**What is expected**: Please write out the line containing "have [eTP |" and each line after it through the end of the data, exactly, and nothing else.

**Extracted records**:
(* Let $p$ be a prime, let $P$ be a finite $p$-group, and let $T$ be a subgroup of $P$ of index $p^c$. Then for every non-negative integer $k$, \[ |\mathrm{Sub}_{p^k}(P,T)| \leq \binom{c}{k}_p . \]
   Context: For a group $R$, a subgroup $T\le R$ and an integer $k$, $\mathrm{Sub}_k(R,T)=\{H\le R : T\le H,\ [R:H]=k\}$. For a prime $p$ and non-negative integers $m,r$, the Gaussian binomial coefficient is $\binom{m}{r}_p=\prod_{i=0}^{r-1}\frac{p^{m-i}-1}{p^{i+1}-1}$. *)

From mathcomp Require Import all_boot all_order all_algebra all_fingroup all_solvable.
Set Implicit Arguments. Unset Strict Implicit. Unset Printing Implicit Defensive.
Import GRing.Theory Num.Theory.

(* Gaussian binomial coefficient binom(m, r)_p, computed in rat:
   prod_{i=0}^{r-1} (p^(m-i) - 1) / (p^(i+1) - 1).
   For r > m the factor i = m is p^0 - 1 = 0, so the value is 0. *)
Definition gauss_binom (p m r : nat) : rat :=
  (\prod_(i < r) (((expn p (m - i))%:R - 1) / ((expn p i.+1)%:R - 1)))%R.

Definition Sub_k (gT : finGroupType) (k : nat) (R T : {group gT}) :
  {set {group gT}} :=
  [set H : {group gT} | [&& T \subset H, H \subset R & (#|R : H|)%g == k]].

From mathcomp Require Import all_boot all_order all_algebra all_fingroup all_solvable.
From mathcomp Require Import ring.
Set Implicit Arguments. Unset Strict Implicit. Unset Printing Implicit Defensive.
Import Order.TTheory GRing.Theory Num.Theory.

(* A maximal subgroup M of P containing T is normal of index p,
   and a subgroup H of index p^(k+1) containing T either lies in M, where it
   has index p^k, or meets M in a subgroup K of index p^(k+1) in M with
   [H : K] = p.  For fixed K the sets H \ M are pairwise disjoint subsets of
   P \ M of size (p - 1)|K|, while |P \ M| = (p - 1)|K| p^(k+1); so K arises
   from at most p^(k+1) such H.  This gives
     |Sub_{p^(k+1)}(P,T)| <= |Sub_{p^k}(M,T)| + p^(k+1) |Sub_{p^(k+1)}(M,T)|,
   the same recursion as the q-Pascal rule
     binom(c+1, k+1)_p = binom(c, k)_p + p^(k+1) binom(c, k+1)_p. *)

Section GaussBinomial.
Local Open Scope ring_scope.
Variable p : nat.

Lemma gauss_binom0 m : gauss_binom p m 0 = 1.
Proof. by rewrite /gauss_binom big_ord0. Qed.

Lemma gauss_binom_eq0 m k : (m < k)%N -> gauss_binom p m k = 0.
Proof.
move=> lt_mk; rewrite /gauss_binom (bigD1 (Ordinal lt_mk)) //=.
by rewrite subnn expn0 subrr mul0r mul0r.
Qed.

Lemma gauss_binomSS m k : gauss_binom p m.+1 k.+1 =
  ((p ^ m.+1)%N%:R - 1) / ((p ^ k.+1)%N%:R - 1) * gauss_binom p m k.
Proof.
rewrite /gauss_binom !prodf_div big_ord_recl big_ord_recr /= subn0.
under eq_bigr do rewrite /bump add1n subSS.
by rewrite invfM; ring.
Qed.

Lemma gauss_binom_pascal m k : (1 < p)%N ->
  gauss_binom p m.+1 k.+1 =
  gauss_binom p m k + (p ^ k.+1)%N%:R * gauss_binom p m k.+1.
Proof.
move=> p_gt1; have [lt_mk | le_km] := ltnP m k.
  by rewrite !gauss_binom_eq0 ?mulr0 ?addr0 // ltnW.
rewrite gauss_binomSS /gauss_binom big_ord_recr /= -/(gauss_binom p m k).
have -> : (p ^ m.+1 = p ^ k.+1 * p ^ (m - k))%N by rewrite -expnD addSn subnKC.
have q1_neq0 : (p ^ k.+1)%N%:R - 1 != 0 :> rat.
  by rewrite subr_eq0 pnatr_eq1 -(expn0 p) eqn_exp2l.
by rewrite natrM; field.
Qed.

End GaussBinomial.

Lemma leq_sum_card_disjoint (I T : finType) (J : {pred I}) (F : I -> {set T})
    (A : {set T}) :
    (forall i, i \in J -> F i \subset A) ->
    (forall i j x, i \in J -> j \in J -> x \in F i -> x \in F j -> i = j) ->
  (\sum_(i in J) #|F i| <= #|A|)%N.
Proof.
move=> sFA inj_F.
have cardE (B : {set T}) : #|B| = (\sum_x (x \in B))%N.
  by rewrite -sum1_card big_mkcond.
rewrite cardE (eq_bigr _ (fun i _ => cardE (F i))) exchange_big /=.
apply: leq_sum => x _; case: (boolP (x \in A)) => [_ | xA]; last first.
  by rewrite big1 // => i /sFA /subsetP sFiA; rewrite (contraNF (@sFiA x) xA).
rewrite -big_mkcondr sum1dep_card /=; apply/card_le1_eqP => i j.
by rewrite !inE => /andP[Ji xFi] /andP[Jj xFj]; apply: (inj_F j i x).
Qed.

Section SubgroupCounting.
Variable gT : finGroupType.
Implicit Types P M H K T : {group gT}.
Local Open Scope group_scope.
Local Open Scope nat_scope.

Lemma in_Sub_k n P T H :
  (H \in Sub_k n P T) = [&& T \subset H, H \subset P & #|P : H| == n].
Proof. by rewrite inE. Qed.

Lemma card_Sub_k1_le1 P T : #|Sub_k 1 P T| <= 1.
Proof.
apply/card_le1_eqP => H1 H2; rewrite !in_Sub_k.
move=> /and3P[_ sH1P /eqP/(index1g sH1P) eH1].
move=> /and3P[_ sH2P /eqP/(index1g sH2P) eH2].
by apply/val_inj; rewrite /= eH1 eH2.
Qed.

Lemma Sub_k_eq0 n P T : ~~ (n %| #|P : T|) -> Sub_k n P T = set0.
Proof.
move=> n_ndvd; apply/setP => H; rewrite in_Sub_k inE.
apply: contraNF n_ndvd => /and3P[sTH sHP /eqP <-].
by rewrite -(Lagrange_index sHP sTH) dvdn_mulr.
Qed.

Lemma Sub_k_restrict n P M T H : M \subset P -> H \subset M ->
  H \in Sub_k (#|P : M| * n) P T -> H \in Sub_k n M T.
Proof.
move=> sMP sHM; rewrite !in_Sub_k sHM => /and3P[-> _].
by rewrite -(Lagrange_index sMP sHM) eqn_pmul2l ?indexg_gt0.
Qed.

Lemma indexgI_normal_maximal P M H : M <| P -> maximal M P ->
  H \subset P -> ~~ (H \subset M) -> #|H : H :&: M| = #|P : M|.
Proof.
move=> nMP maxM sHP nsHM.
by rewrite indexgI -indexMg (mulg_normal_maximal nMP maxM sHP nsHM).
Qed.

Lemma indexgI_swap P M H : M \subset P -> H \subset P ->
  #|H : H :&: M| = #|P : M| -> #|M : H :&: M| = #|P : H|.
Proof.
move=> sMP sHP iHM; apply/eqP; rewrite -(eqn_pmul2l (indexg_gt0 P M)).
rewrite Lagrange_index ?subsetIr // -(Lagrange_index sHP (subsetIl H M)) iHM.
by rewrite mulnC.
Qed.

Lemma setI_Sub_k_normal_maximal n P M T H : M <| P -> maximal M P ->
    T \subset M -> H \in Sub_k n P T -> ~~ (H \subset M) ->
  (H :&: M)%G \in Sub_k n M T.
Proof.
move=> nMP maxM sTM; rewrite !in_Sub_k /= subsetI sTM subsetIr andbT.
move=> /and3P[-> sHP /eqP <-] nsHM; apply/eqP.
have iHM := indexgI_normal_maximal nMP maxM sHP nsHM.
exact: indexgI_swap (normal_sub nMP) sHP iHM.
Qed.

Lemma maximal_sub_overgroup K H1 H2 x : maximal K H1 -> K \subset H2 ->
  x \in H1 :\: K -> x \in H2 -> H1 \subset H2.
Proof.
move=> /maxgroupP[/proper_sub sKH1 maxK] sKH2 /setDP[xH1 xnK] xH2.
have [ltH12 | ] := boolP ((H1 :&: H2)%G \proper H1).
  have eK12 : H1 :&: H2 = K by apply: maxK ltH12 _; rewrite subsetI sKH1.
  by case/negP: xnK; rewrite -eK12 inE xH1.
by rewrite properE subsetIl /= negbK => /subset_trans->; rewrite ?subsetIr.
Qed.

Lemma card_prime_index_overgroups_le P M K : M \subset P -> prime #|P : M| ->
    K \subset M ->
  #|[set H : {group gT} |
      [&& H \subset P, H :&: M == K & #|H : K| == #|P : M|]]| <= #|M : K|.
Proof.
move=> sMP prime_q sKM; set q := #|P : M|; set F := [set H | _].
have inF H : H \in F -> [/\ H \subset P, H :&: M = K & #|H : K| = q].
  by rewrite inE => /and3P[? /eqP ? /eqP ?].
have card_outside H : H \in F -> #|H :\: M| = (q - 1) * #|K|.
  case/inF => _ eK iK; have sKH : K \subset H by rewrite -eK subsetIl.
  by rewrite cardsD eK -(Lagrange sKH) iK mulnBl mul1n mulnC.
have sub_F H1 H2 x : H1 \in F -> H2 \in F -> x \in H1 :\: M -> x \in H2 ->
    H1 \subset H2.
  case/inF=> _ eK1 iK1 /inF[_ eK2 _] xH1M xH2.
  have sKH1 : K \subset H1 by rewrite -eK1 subsetIl.
  apply: (maximal_sub_overgroup (x := x)) xH2.
  - by apply: (p_index_maximal sKH1); rewrite iK1.
  - by rewrite -eK2 subsetIl.
  - exact: subsetP (setDS H1 sKM) x xH1M.
have : \sum_(H in F) #|H :\: M| <= #|P :\: M|.
  apply: leq_sum_card_disjoint => [H /inF[sHP _ _] | H1 H2 x F1 F2 xH1M xH2M].
    exact: setSD.
  have [xH1 _] := setDP xH1M; have [xH2 _] := setDP xH2M.
  by apply/val_inj/eqP; rewrite eqEsubset (sub_F H1 H2 x) // (sub_F H2 H1 x).
rewrite (eq_bigr _ card_outside) sum_nat_const cardsD (setIidPr sMP).
have -> : #|P| - #|M| = #|M : K| * ((q - 1) * #|K|).
  rewrite -(Lagrange sMP) -(Lagrange sKM) -/q mulnBl mul1n mulnBr.
  by congr (_ - _); ring.
by rewrite leq_pmul2r // muln_gt0 subn_gt0 prime_gt1 ?cardG_gt0.
Qed.

Lemma card_Sub_k_normal_prime_index_le n P M T : M <| P -> prime #|P : M| ->
    T \subset M ->
  #|Sub_k (#|P : M| * n) P T|
    <= #|Sub_k n M T| + #|P : M| * n * #|Sub_k (#|P : M| * n) M T|.
Proof.
move=> nMP prime_q sTM; have sMP := normal_sub nMP.
have maxM := p_index_maximal sMP prime_q.
set q := #|P : M|; set S' := Sub_k (q * n) M T.
rewrite -sum1_card (bigID (fun H => H \subset M)) /=; apply: leq_add.
  rewrite sum1dep_card; apply: subset_leq_card; apply/subsetP => H.
  by rewrite inE => /andP[SH sHM]; apply: Sub_k_restrict sMP sHM SH.
rewrite (partition_big (fun H => (H :&: M)%G) [in S']); last first.
  move=> H /andP[SH nsHM].
  exact: setI_Sub_k_normal_maximal nMP maxM sTM SH nsHM.
rewrite [_ * #|S'|]mulnC -sum_nat_const; apply: leq_sum => K S'K.
move: S'K; rewrite in_Sub_k => /and3P[_ sKM /eqP <-].
rewrite sum1dep_card.
apply: leq_trans (card_prime_index_overgroups_le sMP prime_q sKM).
apply: subset_leq_card; apply/subsetP => H.
rewrite !inE => /andP[/andP[SH nsHM] /eqP eK].
have sHP : H \subset P by case/and3P: SH.
by rewrite sHP -eK /= eqxx (indexgI_normal_maximal nMP maxM sHP nsHM) eqxx.
Qed.

End SubgroupCounting.

Theorem proposition2p1 (gT : finGroupType) (p : nat) (P T : {group gT}) (c : nat) :
  prime p -> (p.-group P)%g -> T \subset P -> (#|P : T|)%g = (p ^ c)%N ->
  forall k : nat, ((#|Sub_k (p ^ k) P T|)%:R <= gauss_binom p c k :> rat)%R.
Proof.
move=> pr_p; have p_gt1 := prime_gt1 pr_p.
elim: c P T => [|c IH] P T pP sTP iPT [|k];
  rewrite ?gauss_binom0 ?lern1 ?card_Sub_k1_le1 //.
  rewrite Sub_k_eq0 ?cards0 ?gauss_binom_eq0 //.
  by rewrite iPT dvdn1 -(expn0 p) eqn_exp2l.
have [eTP | [M maxM sTM]] := maximal_exists sTP.
  by move: iPT; rewrite eTP indexgg => /esym/eqP; rewrite -(expn0 p) eqn_exp2l.
have nMP := p_maximal_normal pP maxM; have iPM := p_maximal_index pP maxM.
have sMP := normal_sub nMP.
have iMT : #|M : T|%g = (p ^ c)%N.
  apply/eqP; rewrite -(eqn_pmul2l (prime_gt0 pr_p)) -expnS -iPT -{1}iPM.
  by rewrite Lagrange_index.
have IH_M := IH M T (pgroupS sMP pP) sTM iMT.
have card_rec : (#|Sub_k (p ^ k.+1) P T|
    <= #|Sub_k (p ^ k) M T| + p ^ k.+1 * #|Sub_k (p ^ k.+1) M T|)%N.
  have := card_Sub_k_normal_prime_index_le (p ^ k) nMP.
  by rewrite iPM -expnS; apply.
move: card_rec; rewrite -(ler_nat rat) natrD natrM => /le_trans; apply.
rewrite gauss_binom_pascal //.
by apply: lerD (IH_M k) (ler_wpM2l (ler0n _ _) (IH_M k.+1)).
Qed.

**Result of this task**:
have [eTP | [M maxM sTM]] := maximal_exists sTP.
  by move: iPT; rewrite eTP indexgg => /esym/eqP; rewrite -(expn0 p) eqn_exp2l.
have nMP := p_maximal_normal pP maxM; have iPM := p_maximal_index pP maxM.
have sMP := normal_sub nMP.
have iMT : #|M : T|%g = (p ^ c)%N.
  apply/eqP; rewrite -(eqn_pmul2l (prime_gt0 pr_p)) -expnS -iPT -{1}iPM.
  by rewrite Lagrange_index.
have IH_M := IH M T (pgroupS sMP pP) sTM iMT.
have card_rec : (#|Sub_k (p ^ k.+1) P T|
    <= #|Sub_k (p ^ k) M T| + p ^ k.+1 * #|Sub_k (p ^ k.+1) M T|)%N.
  have := card_Sub_k_normal_prime_index_le (p ^ k) nMP.
  by rewrite iPM -expnS; apply.
move: card_rec; rewrite -(ler_nat rat) natrD natrM => /le_trans; apply.
rewrite gauss_binom_pascal //.
by apply: lerD (IH_M k) (ler_wpM2l (ler0n _ _) (IH_M k.+1)).
Qed.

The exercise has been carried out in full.